Desde a semana passada, Berlin passa por uma onda de calor, com temperaturas acima de 30 graus. Parece besteira, mas num país sem ar-condicionado e aonde as casas são programadas para manter o calor, é muita coisa. É um verão tardio, mas é verão.

Também no verão, funcionários tiram férias. Quem tem filhos em idade escolar tem prioridade. Instituições públicas ficam com menos pessoal e alguns atendimentos ficam mais lentos. Bom pra quem sai de férias.

Acontece que Berlin tem muito trabalho pela frente com a chegada de tantos refugiados nessa época do ano. Aqui, eles passam por um registro e só depois conseguem um lugar pra ficar e recebem uma mesada para as primeiras necessidades.

Só que são muitos e é verão. Os funcionários estão de férias. Férias programadas há meses, diga-se.

Aí desde a semana passada, junto com a onda de calor, centenas de pessoas estão numa fila aguardando para serem registradas e encontrarem um lugar pra ficar. Mulheres grávidas, crianças, homens cansados que atravessaram mares e terras para chegarem aqui estavam desidratando e passando fome nessa fila. Até que…

Até que uma chamada no Facebook organizada por uma ONG, solicitando voluntários e doações, mudou a vida dessas pessoas. Em questão de horas pessoas chegavam ao local com carros carregados de água e alimentos, fraldas e até absorventes. Uma legião de pessoas, dentre eles médicos, bombeiros e tradutores, passaram esses últimos dias ajudando a melhorar um pouco as condições dessas pessoas que passam o dia inteiro numa fila esperando o momento de “chegar” realmente na Alemanha.

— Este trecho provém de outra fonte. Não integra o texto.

Lemma wfun_reduces_ppow p (i : 'I_k) y : prime p -> p.-group [set: gT] -> wfun i y ->
  exists2 t, in_P p t & reduces i y t.
Proof.
move=> p_pr pG yW; have [g [U [V [c [nUV cC eyU]]]]] := wfun_reduces yW.
have [g0 | g_gt0] := posnP g.
  by exists 0 => //; [left|exists U, V, c; split=> // x; rewrite eyU g0].
have [e cop_pe eg] := pfactor_coprime p_pr g_gt0.
exists (p ^ logn p g)%N; first by right; exists (logn p g).
apply: (reduces_nielsen nUV cC eyU); rewrite {1}eg.
by apply: reduces_expg_coprime; rewrite -cardsT (card_pgroup pG) coprimeXl.
Qed.

(* [nblock t x l] is the value at x of the l-th factor of [normal_word], with
   indices in nat; [coord] is 1 out of range. *)
Definition coord (x : T) (l : nat) : gT := if insub l is Some o then x o else 1.

Lemma coordE x (o : 'I_k) : coord x o = x o.
Proof. by rewrite /coord valK. Qed.

Definition nblock (t : nat -> nat) (x : T) (l : nat) : gT :=
  if l == 0 then coord x l ^+ t l else wcomm (coord x l.-1) (coord x l) ^+ t l.

Definition normal_prefix t n x := \prod_(0 <= l < n) nblock t x l.

Lemma normal_prefix_fix m U t n x :
  fixes_below m U -> n <= m -> normal_prefix t n (U x) = normal_prefix t n x.
Proof.
move=> Ufix le_nm; apply: eq_big_nat => l /andP[_ lt_ln].
have coordU l' : l' < m -> coord (U x) l' = coord x l'.
  by rewrite /coord; case: insubP => // o _ <-; apply: Ufix.
have lt_lm := leq_trans lt_ln le_nm.
by rewrite /nblock !coordU // (leq_ltn_trans (leq_pred l)).
Qed.

Lemma normal_prefix_set t n g x :
  normal_prefix (fun l => if l == n.+1 then g else t l) n.+2 x =
  normal_prefix t n.+1 x * wcomm (coord x n) (coord x n.+1) ^+ g.
Proof.
rewrite /normal_prefix big_nat_recr //=; congr (_ * _); last by rewrite /nblock /= eqxx.
by apply: eq_big_nat => l /andP[_ lt_ln]; rewrite /nblock (ltn_eqF lt_ln).
Qed.

Definition nielsen_equiv f g := exists U V, nielsen 0 U V /\ forall x, g x = f (U x).

Lemma nielsen_equiv_trans f g h :
  nielsen_equiv f g -> nielsen_equiv g h -> nielsen_equiv f h.
Proof.
move=> [U1 [V1 [nUV1 eg]]] [U2 [V2 [nUV2 eh]]].
exists (fun x => U1 (U2 x)), (fun x => V2 (V1 x)).
by split=> [|x]; [apply: nielsen_comp|rewrite eh eg].
Qed.

Lemma nielsen_equiv_ext f g g' : nielsen_equiv f g -> g =1 g' -> nielsen_equiv f g'.
Proof. by move=> [U [V [nUV eg]]] gg'; exists U, V; split=> // x; rewrite -gg' eg. Qed.

Lemma nielsen_equiv_comp m f U V : nielsen m U V -> nielsen_equiv f (fun x => f (U x)).
Proof. by move=> nUV; exists U, V; split=> //; apply: nielsen_le nUV. Qed.

Lemma normal_form_from p f (q : 'I_k) t c : prime p -> p.-group [set: gT] ->
  (forall l, in_P p (t l)) -> commfun q c ->
  nielsen_equiv f (fun x => normal_prefix t q.+1 x * c x) ->
  exists2 t', (forall l, in_P p (t' l)) & nielsen_equiv f (normal_prefix t' k).
Proof.
move=> p_pr pG; have [n] := ubnP (k - q); elim: n q t c => // n IH q t c lt_n tP cC eqv.
have [lt_qk | le_kq] := ltnP q.+1 k; last first.
  exists t => //; apply: nielsen_equiv_ext eqv _ => x.
  rewrite (commfun_eq1 le_kq cC) mulg1; congr (normal_prefix t _ x).
  by apply/eqP; rewrite eqn_leq le_kq ltn_ord.
pose j := Ordinal lt_qk.
have [y [c' [yW c'C ec]]] := commfun_split cC.
have [g gP [U [V [c'' [nUV c''C eyU]]]]] := wfun_reduces_ppow (i := j) p_pr pG yW.
pose t' l := if l == q.+1 then g else t l.
apply: (IH j t' (fun x => c' (U x))).
- by rewrite /=; lia.
- by move=> l; rewrite /t'; case: eqP.
- exact: commfun_comp (nielsen_coords nUV) c'C.
apply: nielsen_equiv_trans eqv _; apply: nielsen_equiv_ext (nielsen_equiv_comp _ nUV) _ => x.
rewrite (normal_prefix_fix _ _ (nielsen_fix nUV)) // ec (nielsen_fix nUV) // eyU.
rewrite wcommgM (wcommg_central _ (commfun_central c''C x)) mulg1 wcommgX.
by rewrite normal_prefix_set (coordE x q) (coordE x j) mulgA.
Qed.

Lemma eval_word_cat (x : T) (w1 w2 : word k) :
  eval_word x (w1 ++ w2) = eval_word x w1 * eval_word x w2.
Proof. by elim: w1 => [|l w IH] /=; rewrite ?mul1g // IH mulgA. Qed.

Lemma eval_word_rev_inv (x : T) (w : word k) :
  eval_word x (rev [seq (l.1, ~~ l.2) | l <- w]) = (eval_word x w)^-1.
Proof.
elim: w => [|l w IH] /=; first by rewrite invg1.
rewrite rev_cons -cats1 eval_word_cat IH /= mulg1 invMg.
by rewrite /eval_letter /=; case: l.2; rewrite ?invgK.
Qed.

Lemma eval_word_nseq (x : T) n (l : 'I_k * bool) :
  eval_word x (nseq n l) = eval_letter x l ^+ n.
Proof. by elim: n => [|n IH] /=; rewrite ?expg0 // IH expgS. Qed.

Lemma eval_word_flatten_nseq (x : T) n (w : word k) :
  eval_word x (flatten (nseq n w)) = eval_word x w ^+ n.
Proof. by elim: n => [|n IH] /=; rewrite ?expg0 // eval_word_cat IH expgS. Qed.

Lemma wfun_eval_word (w : word k) : wfun 0 ((fun x => eval_word x w)).
Proof.
elim: w => [|[i []] w IH] /=; first exact: wfun1.
  exact/wfunM/IH/wfunV/wfun_var.
exact/wfunM/IH/wfun_var.
Qed.

Lemma wfun_word m f : wfun m f -> exists w : word k, (fun x => eval_word x w) =1 f.
Proof.
elim=> {f} [|i _|f g _ [w1 e1] _ [w2 e2]|f _ [w e]|f g _ [w e] fg].
- by exists [::].
- by exists [:: (i, false)] => x /=; rewrite mulg1.
- by exists (w1 ++ w2) => x; rewrite eval_word_cat e1 e2.
- by exists (rev [seq (l.1, ~~ l.2) | l <- w]) => x; rewrite eval_word_rev_inv e.
- by exists w => x; rewrite e fg.
Qed.

Lemma nielsen_equiv_automorphic (w1 w2 : word k) :
  nielsen_equiv ((fun x => eval_word x w1)) ((fun x => eval_word x w2)) -> FkG_automorphic gT w1 w2.
Proof.
move=> [U [V [nUV ew]]].
have wfun_map f : wfun 0 f -> is_word_map [ffun x => f x].
  by move=> /wfun_word [w e]; exists w; apply/ffunP => x; rewrite !ffunE e.
have map_wfun (F : fmap gT k) : is_word_map F -> wfun 0 (fun x => F x).
  by move=> [w <-]; apply: wfun_ext (wfun_eval_word w) _ => x; rewrite ffunE.
exists (fun F : fmap gT k => [ffun x => F (U x)]); split; last first.
  by apply/ffunP => x; rewrite !ffunE ew.
split.
- by move=> F /map_wfun FW; apply/wfun_map/(wfun_comp (nielsen_coords nUV)).
- by move=> F G _ _; apply/ffunP => x; rewrite !ffunE.
- move=> F G _ _ FG; apply/ffunP => x.
  by have := congr1 (fun H : fmap gT k => H (V x)) FG; rewrite /= !ffunE (nielsenVK nUV).
- move=> G /map_wfun GW; exists [ffun x => G (V x)].
    exact/wfun_map/(wfun_comp (nielsenV_coords nUV)).
  by apply/ffunP => x; rewrite !ffunE (nielsenK nUV).
Qed.

Lemma eval_normal_word (x : T) (t : nat -> nat) :
  eval_word x (normal_word (fun i : 'I_k => t i)) = normal_prefix t k x.
Proof.
set tk := fun i : 'I_k => t i.
have eval_flatten (s : seq 'I_k) : eval_word x (flatten [seq block tk i | i <- s]) =
    \prod_(i <- s) eval_word x (block tk i).
  by elim: s => [|i s IH] /=; rewrite ?big_nil // eval_word_cat IH big_cons.
rewrite /normal_word eval_flatten enumT /normal_prefix big_mkord [index_enum _]unlock.
apply: eq_bigr => i _; rewrite /block /nblock; case: eqP => i0.
  by rewrite eval_word_nseq /eval_letter coordE.
rewrite eval_word_flatten_nseq /= /eval_letter /= !mulg1 wcommE !mulgA coordE.
by rewrite (_ : (val i).-1 = pred_ord i) ?coordE //= subn1.
Qed.

End NielsenReduction.

Theorem theorem2p7 (p : nat) (gT : finGroupType) (k : nat) (w : word k) :
  prime p -> (p.-group [set: gT])%g -> nil_class [set: gT] = 2 -> 0 < k ->
  exists t : 'I_k -> nat,
    (forall i, in_P p (t i)) /\ FkG_automorphic gT w (normal_word t).
Proof.
move=> p_pr pG class2 k_gt0.
have cZ := wcomm_central_class2 class2.
pose i0 : 'I_k := Ordinal k_gt0.
have [g gP [U [V [c [nUV cC ewU]]]]] :=
  wfun_reduces_ppow cZ (i := i0) p_pr pG (@wfun_eval_word gT k w).
pose t l := if l == 0 then g else 0.
have tP l : in_P p (t l) by rewrite /t; case: eqP => _ //; left.
have eqv0 : nielsen_equiv (fun x => eval_word x w) (fun x => normal_prefix t i0.+1 x * c x).
  apply: nielsen_equiv_ext (nielsen_equiv_comp _ nUV) _ => x.
  by rewrite ewU /normal_prefix big_nat1 /nblock /= (coordE x i0).
have [t' t'P eqv] := normal_form_from cZ p_pr pG tP cC eqv0.
exists (fun i : 'I_k => t' i); split => //.
by apply/nielsen_equiv_automorphic/(nielsen_equiv_ext eqv) => x; rewrite eval_normal_word.
Qed.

Chamadas em rádio e em posts na Internet contam já não ser mais necessário voluntários no local. Eles precisam apenas de doação de água e alimentos.

Aí eu fico pensando que a Alemanha é isso aí. Que o que eu admiro nos alemães e nos berlinenses é essa solidariedade, essa capacidade de se organizar por algo bom!

E não o que os políticos falam na TV, como uma propaganda descabida para desestimular o fluxo de refugiados. Eles nem sabem o que fazer para atender uma quantidade mínima de eleitores que não são solidários.

Porém, não importa o que eles – os políticos – façam ou digam, o que não pode acontecer é o povo mudar sua essência em função de uma direita conservadora. Não deve!